PROBLEM TO SOLVE:
Check every line of the data below for the string "forall", and copy the ones that hold it.

[Dataset entries]

- - -

Lemma dotpC u v : dotp u v = dotp v u.
Proof. by apply: eq_bigr => i _; rewrite mulrC. Qed.

Lemma dotpDl u v w : dotp (u + v) w = dotp u w + dotp v w.
Proof. by rewrite !dotpE mulmxDl mxE. Qed.

Lemma dotpZl a u v : dotp (a *: u) v = a * dotp u v.
Proof. by rewrite !dotpE -scalemxAl mxE. Qed.

Lemma dotpNl u v : dotp (- u) v = - dotp u v.
Proof. by rewrite -scaleN1r dotpZl mulN1r. Qed.

Lemma dotpBl u v w : dotp (u - v) w = dotp u w - dotp v w.
Proof. by rewrite dotpDl dotpNl. Qed.

Lemma dotp0l v : dotp 0 v = 0.
Proof. by rewrite -(scale0r 0) dotpZl mul0r. Qed.

Lemma dotpDr u v w : dotp u (v + w) = dotp u v + dotp u w.
Proof. by rewrite dotpC dotpDl !(dotpC u). Qed.

Lemma dotpZr a u v : dotp u (a *: v) = a * dotp u v.
Proof. by rewrite dotpC dotpZl dotpC. Qed.

Lemma dotpNr u v : dotp u (- v) = - dotp u v.
Proof. by rewrite dotpC dotpNl dotpC. Qed.

Lemma dotpBr u v w : dotp u (v - w) = dotp u v - dotp u w.
Proof. by rewrite dotpDr dotpNr. Qed.

Lemma dotp0r u : dotp u 0 = 0.
Proof. by rewrite dotpC dotp0l. Qed.

Lemma dotp_continuous w : continuous (dotp ^~ w).
Proof.
rewrite /dotp; apply: (@continuous_big _ _ +%R 0 xpredT add_continuous) => i _.
move=> y; apply: (continuousM (s := fun v : 'rV_n => v 0 i) (t := fun=> w 0 i)).
  exact: coord_continuous.
exact: cst_continuous.
Qed.

End InnerProduct.

Section ColumnSpace.
Context {R : realType}.

Lemma col_spaceP m k (M : 'M[R]_(m, k)) (c : 'cV_m) :
  (forall u : 'rV_m, u *m M = 0 -> u *m c = 0) -> exists v : 'cV_k, c = M *m v.
Proof.
move=> ker_c; have /submxP[D cTE] : (c^T <= M^T)%MS.
  rewrite submxE -trmx_eq0 trmx_mul trmxK; apply/eqP/row_matrixP => i.
  rewrite row_mul row0; apply: ker_c.
  by rewrite -row_mul -[_ *m M]trmxK trmx_mul trmxK mulmx_coker trmx0 row0.
by exists D^T; rewrite -[c]trmxK cTE trmx_mul trmxK.
Qed.

End ColumnSpace.

Section FiniteBasis.
Context {R : realType} {n : nat}.
Variable A : set ('rV[R]_n * 'rV[R]_n).
Hypothesis linA : is_linear_relation A.

Definition spans_in {m} (X Y : 'M[R]_(m, n)) :=
  forall u : 'rV_m, A (u *m X, u *m Y).

Lemma spans_in_col_mx m (X Y : 'M[R]_(m, n)) (x y : 'rV_n) :
  spans_in X Y -> A (x, y) -> spans_in (col_mx X x) (col_mx Y y).
Proof.
have [_ [addA scaleA]] := linA.
move=> XY_A xyA u; rewrite -[u]hsubmxK !mul_row_col [rsubmx u]mx11_scalar.
rewrite !mul_scalar_mx.
exact: (addA _ _ (XY_A _) (scaleA _ _ xyA)).
Qed.

Lemma linear_relation_finite_basis : exists m (X Y : 'M[R]_(m, n)),
  spans_in X Y /\ forall x y, A (x, y) -> exists u, x = u *m X /\ y = u *m Y.
Proof.
have [A0 _] := linA.
pose P (k : nat) := `[< exists m (X Y : 'M[R]_(m, n)),
  spans_in X Y /\ \rank (row_mx X Y) = k >].
have P0 : P 0%N.
  apply/asboolP; exists 0%N, 0, 0; split; last by rewrite row_mx0 mxrank0.
  by move=> u; rewrite !mulmx0.
have Pub (k : nat) : P k -> (k <= n + n)%N.
  by move=> /asboolP[m [X [Y [_ <-]]]]; exact: rank_leq_col.
have [k /asboolP[m [X [Y [XY_A rkXY]]]] kmax] :=
  ex_maxnP (ex_intro _ 0%N P0) Pub.
exists m, X, Y; split => // x y xyA.
have [/submxP[u]|xy_notin] := boolP (row_mx x y <= row_mx X Y)%MS.
  by rewrite mul_mx_row => /eq_row_mx[-> ->]; exists u.
have : (\rank (row_mx (col_mx X x) (col_mx Y y)) <= k)%N.
  apply: kmax; apply/asboolP; exists (m + 1)%N, (col_mx X x), (col_mx Y y).
  by split => //; exact: spans_in_col_mx.
rewrite -block_mxEh block_mxEv -addsmxE -rkXY leqNgt.
have /ltn_leqif -> := mxrank_leqif_sup (addsmxSl (row_mx X Y) (row_mx x y)).
by rewrite addsmx_sub submx_refl xy_notin.
Qed.

End FiniteBasis.

Section MaximallyMonotone.
Context {R : realType} {n : nat}.
Variable A : set ('rV[R]_n * 'rV[R]_n).
Hypotheses (linA : is_linear_relation A) (mmA : maximally_monotone A).

Lemma maximally_monotone_orth_dom w :
  (forall x y, A (x, y) -> dotp w x = 0) -> A (0, w).
Proof.
have [A0 _] := linA; have [monoA maxA] := mmA.
move=> w_orth; pose B := A `|` [set (0, w)].
suff <- : B = A by right.
apply: maxA => [|p Ap]; last by left.
have mono_0w x y : A (x, y) -> 0 <= dotp (y - w) x.
  move=> xyA; rewrite dotpBl (w_orth _ _ xyA) subr0 -[x]subr0 -[y]subr0.
  exact: monoA xyA A0.
move=> [x y] [x' y'] /= [xyA|[-> ->]] [xyA'|[-> ->]] /=.
- exact: monoA xyA xyA'.
- by rewrite subr0; exact: mono_0w.
- by rewrite sub0r dotpNr -opprB dotpNl opprK; exact: mono_0w.
- by rewrite !subrr dotp0r.
Qed.

Section BoundedConjugate.
Variables (y : 'rV[R]_n) (S : R).
Hypothesis conj_bounded :
  forall x xs, A (x, xs) -> dotp y x - 2%:R^-1 * dotp x xs <= S.

Lemma bounded_conj_orth x xs : A (x, xs) -> dotp x xs = 0 -> dotp y x = 0.
Proof.
have [_ [_ scaleA]] := linA.
move=> xxsA x_xs0; have t_bounded t : t * dotp y x <= S.
  have := conj_bounded (scaleA t (x, xs) xxsA).
  by rewrite /= dotpZr dotpZl dotpZr x_xs0 !mulr0 subr0.
apply/eqP; apply: contraT => yx_neq0.
have := t_bounded ((`|S| + 1) / dotp y x); rewrite divfK //.
have := ler_norm S; lra.
Qed.

Lemma ran_of_bounded_conj : ran_rel A y.
Proof.
have [_ [addA _]] := linA.
have [m [X [Y [XY_A XY_span]]]] := linear_relation_finite_basis linA.
have [v Xy] : exists v : 'cV_m, X *m y^T = X *m Y^T *m v.
  apply: col_spaceP => u uXY0.
  have uXuY0 : dotp (u *m X) (u *m Y) = 0.
    by rewrite dotpE trmx_mul !mulmxA -(mulmxA u) uXY0 !mul0mx mxE.
  apply/matrixP => i j; rewrite !ord1 [RHS]mxE mulmxA -dotpE dotpC.
  exact: bounded_conj_orth (XY_A u) uXuY0.
pose zs := v^T *m Y.
have w_orth x xs : A (x, xs) -> dotp (y - zs) x = 0.
  case/XY_span => u [-> _].
  rewrite dotpBl (dotpC y) (dotpC zs) !dotpE -mulmxA Xy.
  by rewrite trmx_mul trmxK !mulmxA subrr.
exists (v^T *m X).
have := addA _ _ (XY_A v^T) (maximally_monotone_orth_dom w_orth).
by rewrite /= addr0 addrC subrK.
Qed.

End BoundedConjugate.
End MaximallyMonotone.

Section Inverse.
Context {R : realType} {n : nat}.
Implicit Types A : set ('rV[R]_n * 'rV[R]_n).

Lemma inv_relK A : inv_rel (inv_rel A) = A.
Proof. by apply/seteqP; split => -[]. Qed.

Lemma linear_relation_inv A :
  is_linear_relation A -> is_linear_relation (inv_rel A).
Proof.
move=> [A0 [addA scaleA]]; split => //; split => [p q|a p].
  exact: addA (p.2, p.1) (q.2, q.1).
exact: scaleA a (p.2, p.1).
Qed.

Lemma monotone_inv A : monotone_rel A -> monotone_rel (inv_rel A).
Proof. by move=> monoA p q pA qA; rewrite dotpC; exact: monoA pA qA. Qed.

- - -

RESPONSE TO THIS EXERCISE:
  (forall u : 'rV_m, u *m M = 0 -> u *m c = 0) -> exists v : 'cV_k, c = M *m v.
  forall u : 'rV_m, A (u *m X, u *m Y).
  spans_in X Y /\ forall x y, A (x, y) -> exists u, x = u *m X /\ y = u *m Y.
  (forall x y, A (x, y) -> dotp w x = 0) -> A (0, w).
  forall x xs, A (x, xs) -> dotp y x - 2%:R^-1 * dotp x xs <= S.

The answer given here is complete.